Before writing anything, find an existing test file in the project and match it:
| Check | Look for |
|---|---|
| Framework | pytest / unittest (Py), jest / vitest / mocha (JS/TS), JUnit 4/5 / TestNG (Java), go test (Go), xUnit / NUnit (.NET), RSpec / Minitest (Ruby) |
| Assertion style | assert x == y vs assertThat(x).isEqualTo(y) vs expect(x).toBe(y) vs x.should eq(y) |
| File location / naming | tests/test_foo.py, __tests__/foo.test.ts, src/foo_test.go, FooTest.java |
| Mocking library | unittest.mock, jest.fn(), Mockito, gomock, Moq, Sinon |
| Parameterization style | @pytest.mark.parametrize, test.each, @ParameterizedTest, table-driven |
| Fixture / setup idiom | conftest.py, beforeEach, @BeforeEach, TestMain, let(:x) |
If no tests exist at all, ask which framework — or default to the ecosystem standard (pytest, jest, JUnit 5, go test) and say so explicitly in the output.
Read the function and extract a coverage checklist. Every row becomes at least one test.
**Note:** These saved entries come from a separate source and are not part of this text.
(* Let $L\in\mathbb R^{N\times N}$ be symmetric positive semidefinite with eigenvalues $0=\lambda_1<\lambda_2\le\cdots\le\lambda_N$ and orthonormal eigenvectors $u_1,\dots,u_N$ (so $\ker L = \mathrm{span}(u_1)$). Let $P\in\mathbb R^{n\times N}$ have full row rank, let $P^+$ be its Moore–Penrose pseudoinverse, $\Pi = P^+P$, and suppose $\Pi u_1 = u_1$. Let $L_c = (P^+)^\top L P^+$ with eigenvalues $\tilde\lambda_1\le\cdots\le\tilde\lambda_n$, $\gamma_1 = \lambda_{\min}((PP^\top)^{-1})$, $\gamma_2 = \lambda_{\max}((PP^\top)^{-1})$. Let $k\le n$ and $\mathbf U_k = \mathrm{span}(u_1,\dots,u_k)$. If $L_c$ and $L$ are $(\mathbf U_k,\epsilon_k)$-similar and $\epsilon_k^2<\lambda_2/\lambda_k$, then $$\gamma_1\lambda_k\le\tilde\lambda_k\le\gamma_2\,\frac{(1+\epsilon_k)^2}{1-\epsilon_k^2(\lambda_k/\lambda_2)}\,\lambda_k.$$
   Context: For PSD $M$, $\|y\|_M=\sqrt{y^\top My}$. $L_c$ and $L$ are $(\mathbf R,\epsilon)$-similar if $\epsilon\ge0$ and $\|x-P^+Px\|_L\le\epsilon\|x\|_L$ for all $x\in\mathbf R$. *)

From HB Require Import structures.
From mathcomp Require Import all_boot all_order all_algebra.
Set Implicit Arguments. Unset Strict Implicit. Unset Printing Implicit Defensive.
Import Order.TTheory GRing.Theory Num.Theory.
Local Open Scope ring_scope.

Definition mnorm (R : rcfType) (N : nat) (M : 'M[R]_N) (y : 'cV[R]_N) : R :=
  Num.sqrt ((y^T *m M *m y) 0 0).

Definition is_pinv (R : rcfType) (n N : nat) (P : 'M[R]_(n, N)) (X : 'M[R]_(N, n)) : Prop :=
  [/\ P *m X *m P = P, X *m P *m X = X,
      (P *m X)^T = P *m X & (X *m P)^T = X *m P].

(* x lies in span(u_1,...,u_k) (vectors indexed from 0: u 0, ..., u (k-1)) *)
Definition in_span (R : rcfType) (N : nat) (u : nat -> 'cV[R]_N) (k : nat) (x : 'cV[R]_N) : Prop :=
  exists c : nat -> R, x = \sum_(i < k) c i *: u i.

Definition coarse_similar (R : rcfType) (n N : nat) (L : 'M[R]_N) (P : 'M[R]_(n, N))
    (Pp : 'M[R]_(N, n)) (S : 'cV[R]_N -> Prop) (eps : R) : Prop :=
  0 <= eps /\ forall x, S x -> mnorm L (x - Pp *m P *m x) <= eps * mnorm L x.

From HB Require Import structures.
From mathcomp Require Import all_boot all_order all_algebra.
From mathcomp Require Import complex ring lra.
Import Order.TTheory GRing.Theory Num.Theory.
Set Implicit Arguments. Unset Strict Implicit. Unset Printing Implicit Defensive.
Local Open Scope ring_scope.

(* Both bounds are Courant-Fischer dimension counts.  For the lower bound pick a
   nonzero x in span(v_1..v_k) with P^+ x orthogonal to u_1..u_(k-1); then
   mu_k |x|^2 >= x^T L_c x = (P^+ x)^T L (P^+ x) >= lam_k |P^+ x|^2 >= lam_k gamma1 |x|^2.
   For the upper bound pick a nonzero y in U_k with P y orthogonal to
   v_1..v_(k-1), and split y = Pi y + e.  Similarity bounds the L-seminorms of e
   and of Pi y by eps |y|_L and (1 + eps) |y|_L; since Pi u_1 = u_1, e is
   orthogonal to ker L, so lam_2 |e|^2 <= eps^2 lam_k |y|^2, and Pythagoras gives
   |P^+ P y|^2 >= (1 - eps^2 lam_k / lam_2) |y|^2 while |P^+ P y|^2 <= gamma2 |P y|^2.
   The constants gamma1, gamma2 enter through (P P^T)^-1 = (P^+)^T P^+, the Gram
   matrix of P^+. *)

Section Forms.
Variable R : rcfType.

Definition dotv m (x y : 'cV[R]_m) : R := (x^T *m y) 0 0.
Definition qform m (A : 'M[R]_m) (x : 'cV[R]_m) : R := (x^T *m A *m x) 0 0.
Definition psdmx m (A : 'M[R]_m) : Prop := forall x, 0 <= qform A x.

Lemma dotvE m (x y : 'cV[R]_m) : dotv x y = \sum_i x i 0 * y i 0.
Proof. by rewrite /dotv mxE; apply: eq_bigr => i _; rewrite mxE. Qed.

Lemma dotvC m (x y : 'cV[R]_m) : dotv x y = dotv y x.
Proof. by rewrite !dotvE; apply: eq_bigr => i _; rewrite mulrC. Qed.

Lemma dotvDr m (x y z : 'cV[R]_m) : dotv x (y + z) = dotv x y + dotv x z.
Proof. by rewrite /dotv mulmxDr mxE. Qed.

Lemma dotvDl m (x y z : 'cV[R]_m) : dotv (x + y) z = dotv x z + dotv y z.
Proof. by rewrite dotvC dotvDr !(dotvC z). Qed.

Lemma dotvBr m (x y z : 'cV[R]_m) : dotv x (y - z) = dotv x y - dotv x z.
Proof. by rewrite /dotv mulmxBr !mxE. Qed.

Lemma dotvZr m (x y : 'cV[R]_m) a : dotv x (a *: y) = a * dotv x y.
Proof. by rewrite /dotv -scalemxAr mxE. Qed.

Lemma dotv_sumr m k (x : 'cV[R]_m) (c : 'I_k -> R) (y : 'I_k -> 'cV[R]_m) :
  dotv x (\sum_i c i *: y i) = \sum_i c i * dotv x (y i).
Proof.
rewrite /dotv mulmx_sumr summxE; apply: eq_bigr => i _.
by rewrite -scalemxAr mxE.
Qed.

Lemma dotv_trmx m n (B : 'M[R]_(m, n)) x y : dotv (B^T *m x) y = dotv x (B *m y).
Proof. by rewrite /dotv trmx_mul trmxK mulmxA. Qed.

Lemma dotv_ge0 m (x : 'cV[R]_m) : 0 <= dotv x x.
Proof. by rewrite dotvE; apply: sumr_ge0 => i _; rewrite -expr2 sqr_ge0. Qed.

Lemma dotv_gt0 m (x : 'cV[R]_m) : x != 0 -> 0 < dotv x x.
Proof.
move=> xn0; rewrite lt_def dotv_ge0 andbT; apply: contra xn0 => /eqP x0.
apply/eqP/matrixP => i j; rewrite (ord1 j) mxE.
have := psumr_eq0P (P := predT) (fun i _ => sqr_ge0 (x i 0)).
by rewrite -dotvE => /(_ x0 i isT) /eqP; rewrite sqrf_eq0 => /eqP.
Qed.

Lemma qform_dotv m (A : 'M[R]_m) x : qform A x = dotv x (A *m x).
Proof. by rewrite /qform /dotv mulmxA. Qed.

Lemma qform_mulmx m n (A : 'M[R]_m) (B : 'M[R]_(m, n)) x :
  qform A (B *m x) = qform (B^T *m A *m B) x.
Proof. by rewrite /qform trmx_mul !mulmxA. Qed.
(* Let $\mathbf{a}\in\mathbb{C}^n$, $\beta>0$ and $f(\mathbf{z})=\frac12|\mathbf{a}^*\mathbf{z}|^2+\frac{\beta}{2}\|\mathbf{z}\|_4^4$. If $\mathbf{z}$ is a local minimizer of $f$ on $\mathbb{CS}^{n-1}$ with $\mathbf{a}^*\mathbf{z}=0$, then $\mathbf{z}$ has at most one zero component, and all nonzero components of $\mathbf{z}$ have the same modulus.
   Context: $\mathbb{CS}^{n-1}=\{\mathbf{z}\in\mathbb{C}^n:\|\mathbf{z}\|_2=1\}$; $\|\mathbf{z}\|_4^4=\sum_k|z_k|^4$. *)

From HB Require Import structures.
From mathcomp Require Import all_boot all_order all_algebra.
From mathcomp Require Import complex.
From mathcomp Require Import reals.
Set Implicit Arguments. Unset Strict Implicit. Unset Printing Implicit Defensive.
Import Order.TTheory GRing.Theory Num.Theory.
Local Open Scope ring_scope.

Section Defs.
Variable R : realType.

Definition cmod (x : R[i]) : R := Num.sqrt (complex.Re x ^+ 2 + complex.Im x ^+ 2).

Definition cdot n (a z : 'I_n -> R[i]) : R[i] := \sum_k conjc (a k) * z k.

Definition norm2 n (z : 'I_n -> R[i]) : R := Num.sqrt (\sum_k cmod (z k) ^+ 2).

Definition norm4_4 n (z : 'I_n -> R[i]) : R := \sum_k cmod (z k) ^+ 4.

Definition on_csphere n (z : 'I_n -> R[i]) : Prop := norm2 z = 1.

Definition fobj n (a : 'I_n -> R[i]) (beta : R) (z : 'I_n -> R[i]) : R :=
  2^-1 * cmod (cdot a z) ^+ 2 + beta / 2 * norm4_4 z.

Definition local_min_on_csphere n (g : ('I_n -> R[i]) -> R) (z : 'I_n -> R[i]) : Prop :=
  on_csphere z /\
  exists eps : R, 0 < eps /\
    forall w : 'I_n -> R[i], on_csphere w -> norm2 (fun k => w k - z k) < eps ->
      g z <= g w.
End Defs.

From HB Require Import structures.
From mathcomp Require Import all_boot all_order all_algebra.
From mathcomp Require Import complex.
From mathcomp Require Import reals.
From mathcomp Require Import ring lra.
Import Order.TTheory GRing.Theory Num.Theory.
Local Open Scope ring_scope.
Local Open Scope complex_scope.

(* If two coordinates j, k of z vanish, some u supported on {j, k} satisfies
   a^* u = 0; then w = sqrt (1 - T |u|^2) z + sqrt T u stays on the sphere with
   a^* w = 0, and ||w||_4^4 = (1 - T |u|^2)^2 ||z||_4^4 + T^2 ||u||_4^4 drops at
   first order in T.  If |z_j|^2 = p and |z_k|^2 = q differ, rescaling z_j
   and z_k so that their squared moduli become p + s and q - s, with s = +-T
   of sign making s (p - q) = - T |p - q|, keeps ||w||_2 = 1, changes
   ||w||_4^4 by - 2 T |p - q| + 2 T^2 and, since a^* z = 0, changes
   |a^* w|^2 only by O(T^2). *)

Set Implicit Arguments.
Unset Strict Implicit.

Section SquaredModulus.
Variable R : rcfType.
Implicit Types (x y : R[i]) (c t : R).

Definition sqmod x : R := complex.Re x ^+ 2 + complex.Im x ^+ 2.

Lemma sqmod_ge0 x : 0 <= sqmod x.
Proof. by rewrite addr_ge0 ?sqr_ge0. Qed.

Lemma sqmod0 : sqmod 0 = 0.
Proof. by rewrite /sqmod /= expr0n addr0. Qed.

Lemma sqmod_eq0 x : (sqmod x == 0) = (x == 0).
Proof.
by case: x => u v; rewrite /sqmod paddr_eq0 ?sqr_ge0 // !sqrf_eq0 eq_complex.
Qed.

Lemma sqmod_gt0 x : (0 < sqmod x) = (x != 0).
Proof. by rewrite lt_def sqmod_ge0 andbT sqmod_eq0. Qed.

Lemma sqmodM x y : sqmod (x * y) = sqmod x * sqmod y.
Proof. by case: x y => [u v] [u' v']; rewrite /sqmod /=; ring. Qed.

Lemma sqmodJ x : sqmod (conjc x) = sqmod x.
Proof. by case: x => u v; rewrite /sqmod /=; ring. Qed.

Lemma sqmodZ c x : sqmod (c%:C * x) = c ^+ 2 * sqmod x.
Proof. by case: x => u v; rewrite /sqmod /=; ring. Qed.

Lemma sqmodZ_subr c x : sqmod (c%:C * x - x) = (c - 1) ^+ 2 * sqmod x.
Proof. by case: x => u v; rewrite /sqmod /=; ring. Qed.

Lemma sqmodD_le x y : sqmod (x + y) <= 2 * sqmod x + 2 * sqmod y.
Proof.
case: x y => [u v] [u' v']; rewrite /sqmod /=.
have := sqr_ge0 (u - u'); have := sqr_ge0 (v - v'); nra.
Qed.

Lemma sqmod_disjoint c t x y : x = 0 \/ y = 0 ->
  sqmod (c%:C * x + t%:C * y) = c ^+ 2 * sqmod x + t ^+ 2 * sqmod y.
Proof. by case=> ->; case: x y => [u v] [u' v']; rewrite /sqmod /=; ring. Qed.

End SquaredModulus.

Lemma sqr_sqrtr_sub1_le (R : rcfType) (x : R) :
  0 <= x -> (Num.sqrt x - 1) ^+ 2 <= (x - 1) ^+ 2.
Proof.
move=> x_ge0; rewrite -{2}(sqr_sqrtr x_ge0).
set r := Num.sqrt x; have r_ge0 : 0 <= r := sqrtr_ge0 x.
have -> : (r ^+ 2 - 1) ^+ 2 = (r - 1) ^+ 2 * (r + 1) ^+ 2 by ring.
by rewrite ler_peMr ?sqr_ge0 //; nra.
Qed.

Lemma sqr_sqrt_ratio_sub1_le (R : rcfType) (p s : R) : 0 < p -> 0 <= p + s ->
  (Num.sqrt ((p + s) / p) - 1) ^+ 2 * p <= s ^+ 2 / p.
Proof.
move=> p0 ps; have := sqr_sqrtr_sub1_le (divr_ge0 ps (ltW p0)).
have -> : (p + s) / p - 1 = s / p by field; rewrite gt_eqF.
have -> : s ^+ 2 / p = (s / p) ^+ 2 * p by field; rewrite gt_eqF.
by move/(ler_wpM2r (ltW p0)).
Qed.

Section SmallPositive.
Variable R : realFieldType.
Implicit Types (P Q : R -> Prop) (c K : R).

Definition for_small_pos P :=
  exists2 d : R, 0 < d & forall T, 0 < T -> T <= d -> P T.

Lemma for_small_pos_and P Q :
  for_small_pos P -> for_small_pos Q -> for_small_pos (fun T => P T /\ Q T).
Proof.
move=> [d d0 hP] [d' d'0 hQ]; exists (Num.min d d'); first by rewrite lt_min d0.
by move=> T T0; rewrite le_min => /andP [Td Td']; split; [apply: hP | apply: hQ].
Qed.

Lemma for_small_pos_mulr_lt c K : 0 < c -> for_small_pos (fun T => T * K < c).
Proof.
move=> c0; have nK0 : 0 < `|K| + 1 by rewrite ltr_wpDl.
exists (c / (`|K| + 1)); first by rewrite divr_gt0.
move=> T T0; rewrite ler_pdivlMr // => hT.
have := ler_norm K; nra.
Qed.

Lemma for_small_pos_sqr_mulr_lt c K :
  0 < c -> 0 <= K -> for_small_pos (fun T => T ^+ 2 * K < c).
Proof.
move=> c0 K0; have [d d0 h] := for_small_pos_and
  (for_small_pos_mulr_lt 1 ltr01) (for_small_pos_mulr_lt K c0).
by exists d => // T T0 /(h _ T0) []; rewrite mulr1; nra.
Qed.

Lemma for_small_pos_witness P : for_small_pos P -> exists2 T, 0 < T & P T.
Proof. by move=> [d d0 h]; exists d => //; apply: h. Qed.

End SmallPositive.

Section Vectors.
Variables (R : realType) (n : nat).
Implicit Types (a w x y z : 'I_n -> R[i]) (g : ('I_n -> R[i]) -> R).

Definition sqnorm w : R := \sum_k sqmod (w k).

Lemma sqnorm_ge0 w : 0 <= sqnorm w.
Proof. by rewrite sumr_ge0 // => k _; rewrite sqmod_ge0. Qed.

Lemma cmod_sqr (x : R[i]) : cmod x ^+ 2 = sqmod x.
Proof. by rewrite sqr_sqrtr ?sqmod_ge0. Qed.

Lemma norm2E w : norm2 w = Num.sqrt (sqnorm w).
Proof. by congr Num.sqrt; apply: eq_bigr => k _; rewrite cmod_sqr. Qed.

Lemma norm2_lt w e : 0 < e -> (norm2 w < e) = (sqnorm w < e ^+ 2).
Proof.
move=> e0; rewrite norm2E -(@ltr_sqrt _ _ (e ^+ 2)) ?exprn_gt0 //.
by rewrite sqrtr_sqr gtr0_norm.
Qed.

Lemma on_csphereE w : on_csphere w <-> sqnorm w = 1.
Proof.
rewrite /on_csphere norm2E; split=> [w1|->]; last exact: sqrtr1.
by rewrite -(sqr_sqrtr (sqnorm_ge0 w)) w1 expr1n.
Qed.

Lemma norm4_4E w : norm4_4 w = \sum_k sqmod (w k) ^+ 2.
Proof. by apply: eq_bigr => k _; rewrite -cmod_sqr -exprM. Qed.

Lemma norm4_4_gt0 w : 0 < sqnorm w -> 0 < norm4_4 w.
Proof.
have sq_ge0 k : 0 <= sqmod (w k) ^+ 2 by rewrite sqr_ge0.
rewrite norm4_4E !lt_def sqnorm_ge0 sumr_ge0 // !andbT /sqnorm.
rewrite !psumr_neq0 // => [|k _]; last exact: sqmod_ge0.
by apply: sub_has => k /= /(exprn_gt0 2).
Qed.

Lemma fobjE a beta w :
  fobj a beta w = 2^-1 * sqmod (cdot a w) + beta / 2 * norm4_4 w.
Proof. by rewrite /fobj cmod_sqr. Qed.

Lemma cdot_lin a c d x y :
  cdot a (fun k => c * x k + d * y k) = c * cdot a x + d * cdot a y.
Proof.
rewrite /cdot !mulr_sumr -big_split /=.
by apply: eq_bigr => k _; ring.
Qed.

Lemma sum_supp2 (V : nmodType) (F : 'I_n -> V) j k : j != k ->
  (forall i, i != j -> i != k -> F i = 0) -> \sum_i F i = F j + F k.
Proof.
move=> jk F0; rewrite (bigD1 j) //= (bigD1 k) 1?eq_sym //= big1 ?addr0 //.
by move=> i /andP [ij ik]; apply: F0.
Qed.

Lemma sum_update2 (T : Type) (V : zmodType) (F : 'I_n -> T -> V)
    (u v : 'I_n -> T) j k : j != k -> (forall i, i != j -> i != k -> u i = v i) ->
  \sum_i F i (u i) =
    \sum_i F i (v i) + (F j (u j) - F j (v j)) + (F k (u k) - F k (v k)).
Proof.
move=> jk uv; rewrite -addrA -(sum_supp2 (F := fun i => F i (u i) - F i (v i))) //.
  by rewrite sumrB addrC subrK.
by move=> i ij ik; rewrite uv ?subrr.
Qed.

Lemma exists_cdot_eq0_supp2 a j k : j != k ->
  exists u, [/\ cdot a u = 0, 0 < sqnorm u &
              forall i, i != j -> i != k -> u i = 0].
Proof.
move=> jk.
pose pair (x y : R[i]) i := if i == j then x else if i == k then y else 0.
have pair0 (x y : R[i]) i : i != j -> i != k -> pair x y i = 0.
  by move=> /negPf ij /negPf ik; rewrite /pair ij ik.
have pairj (x y : R[i]) : pair x y j = x by rewrite /pair eqxx.
have pairk (x y : R[i]) : pair x y k = y by rewrite /pair eq_sym (negPf jk) eqxx.
have cdot_pair (x y : R[i]) :
    cdot a (pair x y) = conjc (a j) * x + conjc (a k) * y.
  rewrite /cdot (sum_supp2 jk) ?pairj ?pairk // => i ij ik.
  by rewrite pair0 ?mulr0.
have sqnorm_pair (x y : R[i]) : sqnorm (pair x y) = sqmod x + sqmod y.
  rewrite /sqnorm (sum_supp2 jk) ?pairj ?pairk // => i ij ik.
  by rewrite pair0 ?sqmod0.
have [aj0|aj0] := eqVneq (a j) 0.
  exists (pair 1 0); split; last exact: pair0.
    by rewrite cdot_pair aj0 conjc0 !mulr0 addr0 mul0r.
  by rewrite sqnorm_pair sqmod0 addr0 sqmod_gt0 oner_neq0.
exists (pair (- conjc (a k)) (conjc (a j))); split; last exact: pair0.
  by rewrite cdot_pair mulrN mulrC addrC subrr.
by rewrite sqnorm_pair ltr_wpDl ?sqmod_ge0 // sqmod_gt0 fmorph_eq0.
Qed.

Lemma sqnorm_disjoint c t x y : (forall i, x i = 0 \/ y i = 0) ->
  sqnorm (fun i => c%:C * x i + t%:C * y i) =
    c ^+ 2 * sqnorm x + t ^+ 2 * sqnorm y.
Proof.
move=> xy; rewrite /sqnorm !mulr_sumr -big_split /=.
by apply: eq_bigr => i _; rewrite sqmod_disjoint.
Qed.

Lemma norm4_4_disjoint c t x y : (forall i, x i = 0 \/ y i = 0) ->
  norm4_4 (fun i => c%:C * x i + t%:C * y i) =
    c ^+ 4 * norm4_4 x + t ^+ 4 * norm4_4 y.
Proof.
move=> xy; rewrite !norm4_4E !mulr_sumr -big_split /=.
by apply: eq_bigr => i _; rewrite sqmod_disjoint //; case: (xy i) => ->;
  rewrite sqmod0; ring.
Qed.

Definition rescale2 z j k (cj ck : R) i :=
  if i == j then cj%:C * z i else if i == k then ck%:C * z i else z i.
| Category | How to find them | What to test |
|---|---|---|
| Happy path | The straight-line execution with typical inputs | Exactly one test. This is your baseline. |
| Branches | Every if/elif/else, switch/match arm, ternary, short-circuit &&/||, ?. | One test per arm that takes that arm |
| Boundaries | Comparison operators: <, <=, >, >=, ==; loops with explicit bounds; length/size checks | The boundary value itself, one below, one above |
| Error paths | raise/throw, functions documented to throw, error-returning branches | One test per distinct error, asserting the type and message |
| Input edges | Per parameter type (see table below) | Representative of each class |
| Side effects | Writes to anything outside local scope: DB, file, HTTP, global, logger | Assert the effect happened — or was skipped when it should be |
Per-type input edges:
| Parameter type | Must cover |
|---|---|
| Collection | [], [x], [x, y, ...]; if order matters, also reversed |
| Optional / nullable | Present, absent/None/null/undefined |
| String | "", whitespace-only, typical, very long if there's a length check anywhere downstream |
| Number | 0, negative, positive, boundary of any internal comparison, float-vs-int if the code divides or compares |
| Dict / map | {}, key present, key absent |
| Enum / union | Every variant (no skipping "unlikely" ones) |
Not every cell applies to every function. Prune the ones that provably can't affect behavior — but do it consciously, not by default.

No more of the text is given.